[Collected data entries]
Lemma po_cod_inr_inr k b : po_cod (inr k) = inr b -> cod k = b.
Proof. unfold po_cod, po_of. destruct (image_morP k); congruence. Qed.

Lemma po_cod_inr_inl k c : po_cod (inr k) = inl c ->
  exists a, preim (dom k) = None /\ cod k = jo a /\ Fo a = c.
Proof.
  unfold po_cod, po_of. destruct (image_morP k) as [| a hn e |]; try discriminate.
  intro h. injection h. now exists a.
Qed.

Lemma po_cmp_enter m k a : preim (dom k) = None -> cod k = jo a ->
  po_cmp (inl m) (inr k) = inr (cmp (jm (pf a m)) k).
Proof. intros hn e. simpl. now rewrite hn, e, preim_jo. Qed.

Lemma dom_jm_pf a m : dom m = Fo a -> dom (jm (pf a m)) = jo a.
Proof. intro hm. now rewrite (fm_dom HJf), (put_dom HFp). Qed.

Lemma po_dom_idm x : po_dom (po_idm x) = x.
Proof. destruct x; simpl; now rewrite dom_idm. Qed.

Lemma po_cod_idm x : po_cod (po_idm x) = x.
Proof.
  destruct x as [c|b]; simpl; [now rewrite cod_idm|].
  rewrite dom_idm, cod_idm. unfold po_of. now destruct (preim b).
Qed.

Lemma po_dom_cmp f g : po_cod f = po_dom g -> po_dom (po_cmp g f) = po_dom f.
Proof.
  destruct f as [m|k], g as [m'|k']; intro H; try reflexivity.
  - simpl. injection H as e. now rewrite dom_cmp.
  - destruct (po_cod_inr_inl k _ H) as [a [hn [e he]]].
    rewrite (po_cmp_enter m' k a hn e). simpl. rewrite dom_cmp; [reflexivity|].
    now rewrite dom_jm_pf.
  - simpl. now rewrite dom_cmp by exact (po_cod_inr_inr k _ H).
Qed.

Lemma po_cod_cmp f g : po_cod f = po_dom g -> po_cod (po_cmp g f) = po_cod g.
Proof.
  destruct f as [m|k], g as [m'|k']; intro H; try discriminate H.
  - simpl. injection H as e. now rewrite cod_cmp.
  - destruct (po_cod_inr_inl k _ H) as [a [hn [e he]]].
    rewrite (po_cmp_enter m' k a hn e).
    assert (hk : cod k = dom (jm (pf a m'))) by now rewrite dom_jm_pf.
    simpl. rewrite dom_cmp, cod_cmp, hn by exact hk.
    unfold po_of. rewrite (fm_cod HJf), preim_jo, <- (fm_cod HFf), (get_put HFp) by auto.
    reflexivity.
  - pose proof (po_cod_inr_inr k _ H) as e. revert H.
    unfold po_cod, po_of. simpl. rewrite dom_cmp, cod_cmp, <- e by exact e.
    destruct (image_morP k); simpl; intro h; try discriminate; reflexivity.
Qed.
Lemma stuffle_one_vanishing (D : word -> C) :
  D [] = 0 ->
  (forall x, convergent_word x -> D x = 0) ->
  (forall v, valid_word v -> D v = 0 -> wsum D (stuffle [1%nat] v) = 0) ->
  forall w, valid_word w -> D w = 0.
Proof.
  intros D_nil D_conv D_ideal.
  enough (H : forall n w, valid_word w -> length w = n -> D w = 0)
    by (intros w Vw; exact (H _ w Vw eq_refl)).
  induction n as [|m IHm]; intros w Vw Hw.
  { now destruct w. }
  assert (Hones : forall t v, (v = [] \/ convergent_word v) ->
            (length v + t = S m)%nat -> D (v ++ repeat 1%nat t) = 0).
  { induction t as [|t IHt]; intros v Hv Hl.
    - rewrite app_nil_r; destruct Hv as [->|Cv]; [discriminate | exact (D_conv v Cv)].
    - assert (Vv : valid_word v) by (destruct Hv as [->|Cv]; [constructor | apply Cv]).
      assert (Vvt := valid_word_app _ _ Vv (valid_word_ones t)).
      assert (Dvt : D (v ++ repeat 1%nat t) = 0).
      { apply IHm; [exact Vvt | rewrite length_app, repeat_length; lia]. }
      pose proof (D_ideal _ Vvt Dvt) as Hsum.
      change (wsum (fun x => D ([] ++ x)) (stuffle [1%nat] (v ++ repeat 1%nat t)) = 0) in Hsum.
      rewrite (wsum_stuffle_one D m IHm t v [] (Forall_nil _) Hv ltac:(simpl; lia)
                  (fun x Cx => IHt x (or_intror Cx)))
        in Hsum.
      exact (Cmult_eq0_cancel_l _ _ (RtoC_INR_S_neq_0 t) Hsum). }
  destruct (valid_word_decomp w Vw) as [v [t [Hv ->]]].
  apply Hones; [exact Hv | now rewrite length_app, repeat_length in Hw].
Qed.
(* In the setting described in the context, let $p$ be a prime, $k\ge1$ an integer, $1\le j\le r$, and $n_0,\dots,n_{j-1}\in\mathbb Z$ such that $\big(u_j+\sum_{i=0}^{j-1}n_iu_i\big)h'\in p^kL$. Then $p^k$ divides the integer $c_{jj0}$, and therefore $p^k$ divides $\lambda$.
   Context: Let $\mathbb K$ be a number field of degree $d=r+2\ge2$ with exactly one pair of complex conjugate embeddings; order its embeddings $\sigma_1,\dots,\sigma_r$ (real), $\sigma_{\mathbb C}$, $\overline{\sigma_{\mathbb C}}$; a $\mathbb Q$-basis $(e_0,\dots,e_{r+1})$ of $\mathbb K$ is positive if $i\cdot\det(\sigma_j(e_{k-1}))_{1\le j,k\le d}>0$. Let $\mathfrak f\ne\mathcal O_{\mathbb K}$ be an integral ideal, $q\mathbb Z=\mathfrak f\cap\mathbb Z$, $\mathfrak b$ an integral ideal coprime to $\mathfrak f$, $L=\mathfrak f\mathfrak b^{-1}$, $\mathfrak a$ an integral ideal coprime to $\mathfrak f\mathfrak b$ with $\mathfrak a^{-1}L/L$ cyclic, $N=\mathcal N(\mathfrak a)$; $h\in L$ is admissible if $h/q-1\in L$ and $h/N$ generates $\mathfrak a^{-1}L/L$. Let $\mathcal O^{+,\times}_{\mathfrak f}$ be the group of units $\equiv1\bmod\mathfrak f$ positive at all real embeddings, $u_1,\dots,u_r\in\mathcal O^{+,\times}_{\mathfrak f}$ with $1,u_1,\dots,u_r$ linearly independent over $\mathbb Q$, $u_0=1$. Let $h=mh'\in L$ be admissible with $m\in\mathbb Z_{>0}$ and $h'$ primitive in $L$. Fix a positive $\mathbb Z$-basis $(e_0=h',e_1,\dots,e_{r+1})$ of $L$ such that $u_ih'=\sum_{k=0}^ic_{ik0}e_k$ with $c_{ik0}\in\mathbb Z$ and $c_{ii0}>0$ for $1\le i\le r$, and put $\lambda=\prod_{i=1}^rc_{ii0}$. *)

From HB Require Import structures.
From mathcomp Require Import all_boot all_order all_algebra all_field.
Set Implicit Arguments. Unset Strict Implicit. Unset Printing Implicit Defensive.
Import Order.TTheory GRing.Theory Num.Theory.
Local Open Scope ring_scope.

Section NumberFieldDefs.
Variable K : fieldExtType rat.

Definition algint (x : K) : Prop :=
  exists P : {poly int},
    P \is monic /\ root (map_poly (fun z : int => (z%:~R : K)) P) x.

Definition int_ideal (I : K -> Prop) : Prop :=
  [/\ (forall x, I x -> algint x), I 0,
      (forall x y, I x -> I y -> I (x + y)),
      (forall a x, algint a -> I x -> I (a * x)) &
      exists x, I x /\ x != 0].

Definition coprime_ideals (I J : K -> Prop) : Prop :=
  exists x y, [/\ I x, J y & x + y = 1].

(* F B^{-1} = { x | x B ⊆ F } (B invertible fractional ideal) *)
Definition ideal_quot (F B : K -> Prop) : K -> Prop :=
  fun x => forall y, B y -> F (x * y).

(* N(A) = #(O_K / A) = N *)
Definition ideal_norm (A : K -> Prop) (N : nat) : Prop :=
  exists s : seq K,
    [/\ size s = N, (forall x, x \in s -> algint x),
        (forall i j, (i < N)%N -> (j < N)%N -> A (nth 0 s i - nth 0 s j) -> i = j) &
        (forall x, algint x -> exists2 y, y \in s & A (x - y))].

Definition quot_generated_by (M L : K -> Prop) (g : K) : Prop :=
  M g /\ forall x, M x -> exists n : int, L (x - g *~ n).

Definition quot_cyclic (M L : K -> Prop) : Prop :=
  exists g, quot_generated_by M L g.

Definition admissible (L Ainv_L : K -> Prop) (q N : nat) (h : K) : Prop :=
  [/\ L h, L (h / q%:R - 1) & quot_generated_by Ainv_L L (h / N%:R)].

Definition unit_plus_f (f : K -> Prop) (r : nat)
    (emb : nat -> {rmorphism K -> algC}) (u : K) : Prop :=
  [/\ algint u, (exists v, algint v /\ u * v = 1), f (u - 1) &
      forall j, (j < r)%N -> 0 < emb j u].

Definition primitive_in (L : K -> Prop) (x : K) : Prop :=
  L x /\ forall t : nat, (1 < t)%N -> ~ L (x / t%:R).

Definition Zbasis (L : K -> Prop) (d : nat) (e : nat -> K) : Prop :=
  (forall x, L x <-> exists c : 'I_d -> int, x = \sum_(k < d) e k *~ c k) /\
  (forall c : 'I_d -> int, \sum_(k < d) e k *~ c k = 0 -> forall k, c k = 0).

End NumberFieldDefs.

From HB Require Import structures.
From mathcomp Require Import all_boot all_order all_algebra all_field.
Set Implicit Arguments. Unset Strict Implicit. Unset Printing Implicit Defensive.
Import Order.TTheory GRing.Theory Num.Theory.
Local Open Scope ring_scope.

(* Expand v := (u_j + sum_(i<j) n_i u_i) h' in the basis e.  Each u_i h' only
   involves e_0, ..., e_i, so the e_j-coordinate of v is c_jj.  On the other
   hand v = p^k y with y in L, so every coordinate of v is p^k times an
   integer; uniqueness of coordinates gives c_jj = p^k y_j. *)

Section IntCombinations.
Variables (V : zmodType) (d : nat) (e : nat -> V).

Definition zcomb (a : 'I_d -> int) : V := \sum_(k < d) e k *~ a k.

Lemma zcombD a b : zcomb a + zcomb b = zcomb (fun k => a k + b k).
Proof. by rewrite -big_split; apply: eq_bigr => k _; rewrite mulrzDr. Qed.

Lemma zcombB a b : zcomb a - zcomb b = zcomb (fun k => a k - b k).
Proof. by rewrite -sumrB; apply: eq_bigr => k _; rewrite mulrzBr. Qed.

Lemma zcomb_sumMz m (a : nat -> 'I_d -> int) (n : nat -> int) :
  \sum_(i < m) zcomb (a i) *~ n i = zcomb (fun k => \sum_(i < m) a i k * n i).
Proof.
rewrite /zcomb; under eq_bigr do rewrite mulrz_suml.
rewrite exchange_big; apply: eq_bigr => k _ /=.
by rewrite mulrz_sumr; apply: eq_bigr => i _; rewrite mulrzA.
Qed.

Lemma zcomb_widen i (a : nat -> int) : (i < d)%N ->
  \sum_(k < i.+1) e k *~ a k = zcomb (fun k => if (k <= i)%N then a k else 0).
Proof.
move=> lt_id; rewrite (big_ord_widen _ (fun k => e k *~ a k) lt_id) big_mkcond.
by apply: eq_bigr => k _; rewrite ltnS; case: ifP.
Qed.

Hypothesis e_free : forall a : 'I_d -> int, zcomb a = 0 -> forall k, a k = 0.

Lemma zcomb_inj a b : zcomb a = zcomb b -> a =1 b.
Proof.
move=> eq_ab k; apply: subr0_eq.
have diff0 : zcomb (fun k => a k - b k) = 0 by rewrite -zcombB eq_ab subrr.
exact: e_free diff0 k.
Qed.

Lemma triangular_zcomb_diag (x : nat -> V) (a : nat -> nat -> int)
    (j : 'I_d) (n : nat -> int) (b : 'I_d -> int) :
  (forall i, (i <= j)%N -> x i = \sum_(k < i.+1) e k *~ a i k) ->
  x j + \sum_(i < j) x i *~ n i = zcomb b -> b j = a j j.
Proof.
move=> x_tri; set pad := fun i (k : 'I_d) => if (k <= i)%N then a i k else 0.
have x_pad i : (i <= j)%N -> x i = zcomb (pad i).
  by move=> le_ij; rewrite x_tri // zcomb_widen // (leq_ltn_trans le_ij).
have sum_pad : \sum_(i < j) x i *~ n i = \sum_(i < j) zcomb (pad i) *~ n i.
  by apply: eq_bigr => i _; rewrite x_pad // ltnW.
rewrite x_pad // sum_pad zcomb_sumMz zcombD => /zcomb_inj/(_ j)/esym ->.
rewrite /pad leqnn big1 ?addr0 // => i _.
by rewrite leqNgt ltn_ord mul0r.
Qed.

End IntCombinations.

Lemma dvdz_prod_nat (m n j : nat) (F : nat -> int) (z : int) :
  (m <= j < n)%N -> (z %| F j)%Z -> (z %| \prod_(m <= i < n) F i)%Z.
Proof.
by move=> j_in z_Fj; rewrite (big_rem j) ?mem_index_iota //=; exact: dvdz_mulr.
Qed.

Theorem lemma17
  (K : fieldExtType rat) (r : nat) (hdim : \dim {: K} = r.+2)
  (* embeddings: emb 0..r-1 real, emb r = sigma_C, emb (r+1) = conj sigma_C *)
  (emb : nat -> {rmorphism K -> algC})
  (hreal : forall j, (j < r)%N -> forall x, emb j x \is Num.real)
  (hcplx : exists x, emb r x \isn't Num.real)
  (hconj : forall x, emb r.+1 x = (emb r x)^*)
  (hdist : forall j1 j2, (j1 < r.+2)%N -> (j2 < r.+2)%N ->
             (forall x, emb j1 x = emb j2 x) -> j1 = j2)
  (hall : forall s : {rmorphism K -> algC},
             exists2 j, (j < r.+2)%N & forall x, s x = emb j x)
  (* ideals *)
  (f b a : K -> Prop) (hf : int_ideal f) (hf1 : ~ f 1)
  (q : nat) (hq : forall z : int, f (z%:~R) <-> (q%:Z %| z)%Z)
  (hb : int_ideal b) (hbf : coprime_ideals f b)
  (L : K -> Prop) (hL : L = ideal_quot f b)
  (ha : int_ideal a) (haf : coprime_ideals a f) (hab : coprime_ideals a b)
  (hcyc : quot_cyclic (ideal_quot L a) L)
  (N : nat) (hN : ideal_norm a N)
  (* units *)
  (u : nat -> K) (hu0 : u 0%N = 1)
  (hu : forall i, (1 <= i <= r)%N -> unit_plus_f f r emb (u i))
  (hfree : free [seq u i | i <- iota 0 r.+1])
  (* h = m h' admissible, h' primitive *)
  (h h' : K) (m : nat) (hm : (0 < m)%N) (hh : h = m%:R * h')
  (hadm : admissible L (ideal_quot L a) q N h)
  (hprim : primitive_in L h')
  (* positive Z-basis (e_0 = h', e_1, ..., e_{r+1}) of L *)
  (e : nat -> K) (he0 : e 0%N = h') (hbasis : Zbasis L r.+2 e)
  (hpos : 0 < 'i * \det (\matrix_(j < r.+2, k < r.+2) emb j (e k)))
  (c : nat -> nat -> int)
  (hc : forall i, (1 <= i <= r)%N ->
          u i * h' = \sum_(k < i.+1) e k *~ c i k)
  (hcpos : forall i, (1 <= i <= r)%N -> 0 < c i i)
  (* the statement proper *)
  (p : nat) (hp : prime p) (k : nat) (hk : (1 <= k)%N)
  (j : nat) (hj : (1 <= j <= r)%N) (n : nat -> int)
  (hmem : exists2 y, L y &
            (u j + \sum_(i < j) u i *~ n i) * h' = (p ^ k)%:R * y) :
  ((p ^ k)%:Z %| c j j)%Z /\
  ((p ^ k)%:Z %| \prod_(1 <= i < r.+1) c i i)%Z.
Proof.
have [j_gt0 le_jr] := andP hj.
have [[coord_L e_free] [y Ly eq_v]] := (hbasis, hmem).
have [dy y_def] := (coord_L y).1 Ly.
(* [hc] only covers i >= 1; the row i = 0 is u_0 h' = h' = e_0. *)
pose c' i kk := if i == 0%N then 1 else c i kk.
have uh_tri i : (i <= j)%N -> u i * h' = \sum_(kk < i.+1) e kk *~ c' i kk.
  rewrite /c'; case: eqP => [-> _ | /eqP i_neq0 le_ij].
    by rewrite hu0 mul1r big_ord1 he0.
  by apply: hc; rewrite lt0n i_neq0 (leq_trans le_ij).
have lt_j : (j < r.+2)%N by rewrite ltnS leqW.
have dvd_cjj : ((p ^ k)%:Z %| c j j)%Z.
  have <- : c' j j = c j j by rewrite /c' gtn_eqF.
  have := triangular_zcomb_diag e_free (j := Ordinal lt_j) uh_tri.
  move=> /(_ n (fun kk => dy kk * (p ^ k)%:Z)) /= <-; first exact: dvdz_mull.
  have v_expand : (u j + \sum_(i < j) u i *~ n i) * h'
                  = u j * h' + \sum_(i < j) (u i * h') *~ n i.
    by rewrite mulrDl mulr_suml; congr (_ + _); apply: eq_bigr => i _; rewrite mulrzAl.
  rewrite -v_expand eq_v y_def mulr_natl -mulrz_nat /zcomb mulrz_suml.
  by apply: eq_bigr => kk _; rewrite mulrzA natz.
by split=> //; apply: dvdz_prod_nat dvd_cjj; rewrite j_gt0 ltnS.
Qed.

- **Work to be completed**:
Work out the number of lines in the records that contain the string "injection". Nothing but that number should be sent back.

- **The answer**:
3